In order to understand what was really happening here, we must look for a moment at the particular way in which knowledge earlier affected the ordinary, popular consciousness of the masses.
Nowadays, when we look out at the world, we attach the greatest value to seeing pure colours; to hearing pure sounds, when we hear sounds; and similarly to obtaining a certain purity in the other perceptions — such purity, that is, as the sensory process can afford. This was not true for the consciousness of men in older civilizations. Not that, as a certain brand of scholarship often mistakenly believes, people in earlier times projected all sorts of imaginings on to nature: the imagination was not all that unusually active. Because of man's constitution at that time, however, it was quite natural for older civilizations not to see only pure colours, pure sounds, pure qualities in the other senses, but at the same time to perceive in them all something spiritual. Thus, in sun and moon, in stars, in wind and weather, in spring and stream, in the creatures of nature's various realms, they saw something spiritual where we today see pure colours and hear pure sounds, the connection between which we only later seek to understand with the aid of purified thinking. And there was a further consequence of this for earlier humanity: that no such strong and inwardly fortified self-consciousness as we have today existed then. Besides perceiving something spiritual in everything about him, man perceived himself as a part of this whole environment; he did not separate himself from it as an independent self. To draw an analogy, I might say: If my hand were conscious, what would it think about itself? It would conclude that it was not an independent entity, but made sense only within my organism. In some such way as this, earlier man was unable to regard himself as an independent entity, but felt himself rather a part of nature's whole, which in turn he had to see as permeated by the spiritual.

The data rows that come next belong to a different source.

Lemma gRSK11 k m X : gRSK k m X 1%N 1%N = gRSK (minn k m) m X 1%N 1%N.
Proof.
elim: k => [|k IHk]; first by rewrite min0n.
case: (leqP k.+1 m) => [//|m_lt].
by rewrite gRSKS Rmove_out ?IHk; [congr gRSK|]; lia.
Qed.

Definition positive X (n m : nat) :=
  forall i j, (1 <= i <= n)%N -> (1 <= j <= m)%N -> 0 < X i j.

Lemma positive_le X n m n' m' :
  positive X n m -> (n' <= n)%N -> (m' <= m)%N -> positive X n' m'.
Proof. by move=> Xpos n_le m_le i j i_le j_le; apply: Xpos; lia. Qed.

Section Positivity.
Variables (X : mx R) (n m : nat).
Hypothesis Xpos : positive X n m.

Lemma border_ge0 i j : (i <= n)%N -> (j <= m)%N -> 0 <= border X i j.
Proof.
rewrite /border; case: eqP => // i_neq0; case: eqP => [_ _ _|j_neq0 i_le j_le].
  exact: ler0n.
by apply/ltW/Xpos; lia.
Qed.

Lemma pirow_gt0 i j : (0 < i <= n)%N -> (0 < j <= m)%N -> 0 < pirow X i j.
Proof.
move=> i_le; elim: j => [//|j IHj] j_le.
have x_gt0 : 0 < X i j.+1 by apply: Xpos; lia.
rewrite pirowS mulr_gt0 //.
case: j IHj j_le x_gt0 => [|j] IHj j_le _.
  rewrite pirow0 /border; case: i i_le {IHj} => [|[|i]] i_le //=.
    by rewrite add0r ltr01.
  by rewrite addr0 Xpos //; lia.
by rewrite ltr_wpDl ?IHj ?border_ge0 //; lia.
Qed.

Lemma pirow_ge0 i j : (0 < i <= n)%N -> (j <= m)%N -> 0 <= pirow X i j.
Proof.
move=> i_le; case: j => [_|j j_le]; last by rewrite ltW ?pirow_gt0.
by rewrite pirow0 border_ge0 //; lia.
Qed.

Lemma piup_gt0 i j : (1 < i <= n)%N -> (0 < j < m)%N -> 0 < piup X i j.
Proof.
move=> i_le j_lt; rewrite /piup -mulrDr.
have [x1 x2] : 0 < X i.-1 j /\ 0 < X i.-1 j.+1 by split; apply: Xpos; lia.
have z_gt0 : 0 < pirow X i j by apply: pirow_gt0; lia.
by rewrite divr_gt0 ?mulr_gt0 ?addr_gt0.
Qed.

Lemma positive_pimx i j : (0 < i <= n)%N -> (j <= m)%N -> positive (pimx X i j) n m.
Proof.
move=> i_le j_le a b a_le b_le; rewrite /pimx.
case: ifP => [/andP[_ b_le']|_]; first by apply: pirow_gt0; lia.
case: ifP => [/andP[/andP[i_gt1 _] b_lt]|_]; last exact: Xpos.
by apply: piup_gt0; lia.
Qed.

End Positivity.

Lemma positive_Rmove X n m' m k : positive X n m' -> (k <= n)%N -> (m <= m')%N ->
  positive (Rmove m k X) n m'.
Proof.
elim: k m X => [|k IHk] [|m] X Xpos k_le m_le; rewrite ?Rmoven0 ?Rmove0n //.
by rewrite RmoveSS; apply: IHk; [apply: positive_pimx => //|..]; lia.
Qed.

Lemma positive_gRSK W n m k : positive W n m -> (k <= n)%N -> positive (gRSK k m W) n m.
Proof.
move=> Wpos; elim: k => [//|k IHk] k_le.
by rewrite gRSKS; apply: positive_Rmove; [apply: IHk|..]; lia.
Qed.

Lemma piup_pirow_ratio X n m i j : positive X n m -> (1 < i <= n)%N -> (0 < j < m)%N ->
  1 / piup X i j + pirow X i j.-1 / pirow X i j = X i.-1 j / X i.-1 j.+1 + 1 / X i j.
Proof.
move=> Xpos i_le; case: j => [//|j] j_lt.
have [a_gt0 b_gt0 c_gt0] : [/\ 0 < X i.-1 j.+1, 0 < X i.-1 j.+2 & 0 < X i j.+1].
  by split; apply: Xpos; lia.
have z_ge0 : 0 <= pirow X i j by apply: (pirow_ge0 Xpos); lia.
have s_gt0 : 0 < X i.-1 j.+1 + pirow X i j by rewrite ltr_wpDr.
have d_gt0 : 0 < X i.-1 j.+2 + X i j.+1 * (X i.-1 j.+1 + pirow X i j).
  by rewrite addr_gt0 ?mulr_gt0.
rewrite /piup pirowS /border (_ : (i.-1 == 0%N) = false) /=; last by lia.
by field; rewrite -mulrDr !mulf_neq0 ?gt_eqF.
Qed.

Lemma Rmove_first_row_ratio m X l : positive X 1 m -> (0 < l <= m)%N ->
  border (Rmove m 1 X) 1 l.-1 / Rmove m 1 X 1 l = 1 / X 1%N l.
Proof.
move=> Xpos; case: l => [//|l] l_le.
rewrite border_Rmove_last_row ?Rmove_last_row //=; try lia.
have z_gt0 : 0 < pirow X 1 l.
  by case: l l_le => [|l] l_le; [rewrite pirow0 /border ltr01 | apply: (pirow_gt0 Xpos); lia].
have x_gt0 : 0 < X 1%N l.+1 by apply: Xpos; lia.
by rewrite [pirow X 1 l.+1]pirowS /border /= add0r; field; rewrite !gt_eqF.
Qed.

Definition energy_term X (i j : nat) : R := (border X i.-1 j + border X i j.-1) / X i j.

Definition energy_sum X (k m : nat) : R :=
  \sum_(1 <= i < k.+1) \sum_(1 <= j < m.+1) energy_term X i j.

Lemma eq_energy_term X Y i j : X i.-1 j = Y i.-1 j -> X i j.-1 = Y i j.-1 ->
  X i j = Y i j -> energy_term X i j = energy_term Y i j.
Proof.
move=> e1 e2 e3.
by rewrite /energy_term e3 (@border_eq X Y i.-1 j) ?(@border_eq X Y i j.-1).
Qed.

Lemma eq_energy_sum X Y k m : (forall i j, (i <= k)%N -> (j <= m)%N -> X i j = Y i j) ->
  energy_sum X k m = energy_sum Y k m.
Proof.
move=> eqXY; apply: eq_big_nat => i /andP[_ i_le]; apply: eq_big_nat => j /andP[_ j_le].
by apply: eq_energy_term; apply: eqXY; lia.
Qed.

Lemma energy_sum0 X k : energy_sum X k 0 = 0.
Proof. by rewrite /energy_sum big1 // => i _; rewrite big_geq. Qed.

Lemma energy_sumSS X k m : energy_sum X k.+1 m.+1 = energy_sum X k m
  + \sum_(1 <= i < k.+1) energy_term X i m.+1 + \sum_(1 <= j < m.+2) energy_term X k.+1 j.
Proof.
rewrite /energy_sum (big_nat_recr k.+1) //= -big_split /=; congr (_ + _).
by apply: eq_bigr => i _; rewrite (big_nat_recr m.+1).
Qed.

Lemma energy_first_row m X : positive X 1 m ->
  \sum_(1 <= l < m.+1) energy_term (Rmove m 1 X) 1 l = \sum_(1 <= l < m.+1) 1 / X 1%N l.
Proof.
move=> Xpos; apply: eq_big_nat => l l_le.
by rewrite /energy_term [border _ 0 _]/border add0r Rmove_first_row_ratio.
Qed.

Lemma energy_last_rows k m X : positive X k.+2 m.+1 ->
  let Z := Rmove m.+1 k.+2 X in
  \sum_(1 <= l < m.+1) 1 / pimx X k.+2 m.+1 k.+1 l + energy_term Z k.+1 m.+1
    + \sum_(1 <= l < m.+2) energy_term Z k.+2 l
  = \sum_(1 <= l < m.+2) energy_term X k.+1 l + \sum_(1 <= l < m.+2) 1 / X k.+2 l.
Proof.
move=> Xpos Z; set X' := pimx X k.+2 m.+1.
have Z_eq : Z = Rmove m k.+1 X' by rewrite /Z RmoveSS.
have Zout a b : (k.+2 < a)%N || (m + a < b + k.+1)%N -> Z a b = X a b.
  by move=> ab; rewrite /Z Rmove_out //; lia.
have -> : \sum_(1 <= l < m.+1) 1 / X' k.+1 l = \sum_(1 <= l < m.+1) 1 / piup X k.+2 l.
  by apply: eq_big_nat => l l_le; rewrite /X' pimx_up // ifT.
have -> : energy_term Z k.+1 m.+1 = (border X k m.+1 + border Z k.+1 m) / border X k.+1 m.+1.
  rewrite /energy_term [k.+1.-1]/=.
  have -> : border Z k m.+1 = border X k m.+1 by apply: border_eq => _ _; apply: Zout; lia.
  by rewrite Zout //; lia.
have -> : \sum_(1 <= l < m.+2) energy_term Z k.+2 l =
    \sum_(1 <= l < m.+2) (border Z k.+1 l + pirow X k.+2 l.-1) / pirow X k.+2 l.
  apply: eq_big_nat => l /andP[l_ge1 l_le].
  by rewrite /energy_term /Z [k.+2.-1]/= border_Rmove_last_row ?Rmove_last_row //; lia.
have -> : \sum_(1 <= l < m.+2) energy_term X k.+1 l =
    \sum_(1 <= l < m.+2) (border X k l + border X k.+1 l.-1) / border X k.+1 l.
  by apply: eq_big_nat => -[//|l] _; rewrite /energy_term [border X k.+1 l.+1]/border.
apply: row_ratio_telescope.
- by move=> l l_le; rewrite /border /= (_ : (l == 0%N) = false) ?Xpos //; lia.
- by move=> l l_le; apply: Xpos; lia.
- by [].
- by move=> l; rewrite pirowS.
- by move=> [|l] // _; rewrite /piup /border.
- by [].
- by apply: border_eq => _ _; apply: Zout; lia.
- move=> l l_lt; rewrite Z_eq !border_Rmove_last_row ?pirowS //; try lia.
  rewrite /X' pimx_up // ifT; last by lia.
  by congr (_ * (_ + _)); apply: border_eq => _ _; rewrite pimx_id //; lia.
Qed.

Lemma energy_sum_Rmove k m X : positive X k.+1 m ->
  energy_sum (Rmove m k.+1 X) k.+1 m = energy_sum X k m + \sum_(1 <= l < m.+1) 1 / X k.+1 l.
Proof.
elim: k m X => [|k IHk] [|m] X Xpos; try by rewrite !energy_sum0 big_geq ?addr0.
  by rewrite /energy_sum big_nat1 [in RHS]big_geq // add0r energy_first_row.
set X' := pimx X k.+2 m.+1; set Z := Rmove m.+1 k.+2 X.
have X'pos : positive X' k.+1 m.
  by apply: (positive_le (positive_pimx Xpos _ _)); lia.
have Zout a b : (k.+2 < a)%N || (m + a < b + k.+1)%N -> Z a b = X a b.
  by move=> ab; rewrite /Z Rmove_out //; lia.
have last_col : \sum_(1 <= i < k.+2) energy_term Z i m.+1 =
    \sum_(1 <= i < k.+1) energy_term X i m.+1 + energy_term Z k.+1 m.+1.
  rewrite (big_nat_recr k.+1) //=; congr (_ + _).
  by apply: eq_big_nat => i i_le; apply: eq_energy_term; apply: Zout; lia.
rewrite energy_sumSS [in energy_sum Z _ _]/Z RmoveSS IHk // last_col.
rewrite (@eq_energy_sum X' X); last by move=> i j i_le _; rewrite /X' pimx_id //; lia.
rewrite energy_sumSS; have := energy_last_rows Xpos; rewrite /= -/Z.
lra.
Qed.

Lemma energy_sum_gRSK k m W : positive W k m ->
  energy_sum (gRSK k m W) k m = \sum_(1 <= i < k.+1) \sum_(1 <= j < m.+1) 1 / W i j.
Proof.
elim: k => [|k IHk] Wpos; first by rewrite /energy_sum !big_geq.
rewrite gRSKS energy_sum_Rmove; last exact: positive_gRSK.
rewrite IHk; last exact: positive_le Wpos _ _.
rewrite [in RHS](big_nat_recr k.+1) //=; congr (_ + _).
by apply: eq_bigr => j _; rewrite gRSK_out.
Qed.

Definition col_ratio X (k c : nat) : R := \sum_(1 <= i < k.+1) border X i c.-1 / X i c.

Lemma col_ratio_Rmove k m c X : positive X k.+1 m -> (0 < c)%N -> (c + k <= m)%N ->
  col_ratio (Rmove m k.+1 X) k.+1 c = col_ratio X k c.+1 + 1 / X k.+1 c.
Proof.
elim: k m X => [|k IHk] [|m] X Xpos c_gt0 c_le; try by exfalso; lia.
  by rewrite /col_ratio big_nat1 Rmove_first_row_ratio ?big_geq ?add0r //; lia.
set X' := pimx X k.+2 m.+1.
have X'pos : positive X' k.+1 m.
  by apply: (positive_le (positive_pimx Xpos _ _)); lia.
rewrite /col_ratio (big_nat_recr k.+2) //= -/(col_ratio _ k.+1 c).
rewrite [in col_ratio _ k.+1 c]RmoveSS IHk //; last by lia.
rewrite /col_ratio [in RHS](big_nat_recr k.+1) //= -!addrA; congr (_ + _).
  apply: eq_big_nat => i i_le; congr (_ / _); last by rewrite /X' pimx_id //; lia.
  by apply: border_eq => _ _; rewrite /X' pimx_id //; lia.
rewrite border_Rmove_last_row ?Rmove_last_row //; try lia.
rewrite /X' pimx_up // ifT; last by lia.
rewrite (piup_pirow_ratio Xpos) //; try lia.
by rewrite /border /= (_ : (c == 0%N) = false) //; lia.
Qed.

Lemma col_ratio1 X k : (0 < k)%N -> col_ratio X k 1 = 1 / X 1%N 1%N.
Proof.
move=> k_gt0; rewrite /col_ratio big_ltn // big_nat_cond big1 ?addr0 //.
move=> i /andP[/andP[i_gt1 _] _].
have [i0 i1] : (i == 0%N) = false /\ (i == 1%N) = false by lia.
by rewrite /border i0 i1 mul0r.
Qed.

The yogi raised himself above this view, which implied the dependence of the human self. By uniting his thought-process with the process of respiration that fills all man's inner substance, he arrived at a comprehension of the human self, the human I. The awareness of personal individuality, implanted in us today by our inherited qualities and, if we are adults, by our education, had in those earlier times to be attained, indirectly, through exercises. The consequence was that the yogi obtained from the experience of self something quite different from what we do. It is one thing to accept something as a natural experience, as the sense of self is for us, and quite another to attain to it by the paths that were followed in early Eastern civilization. They lived with what moves and swells and acts in the universe; whereas today, when we experience all this from a certain elevation, we no longer know anything of the universe directly. The human self, therefore, the true nature of the human soul manifested itself to the yogi through his exercise. And we may say: since what could be discovered in this way passed over as revelation into the general cultural consciousness, it became the subject-matter of extremely important early products of the mind.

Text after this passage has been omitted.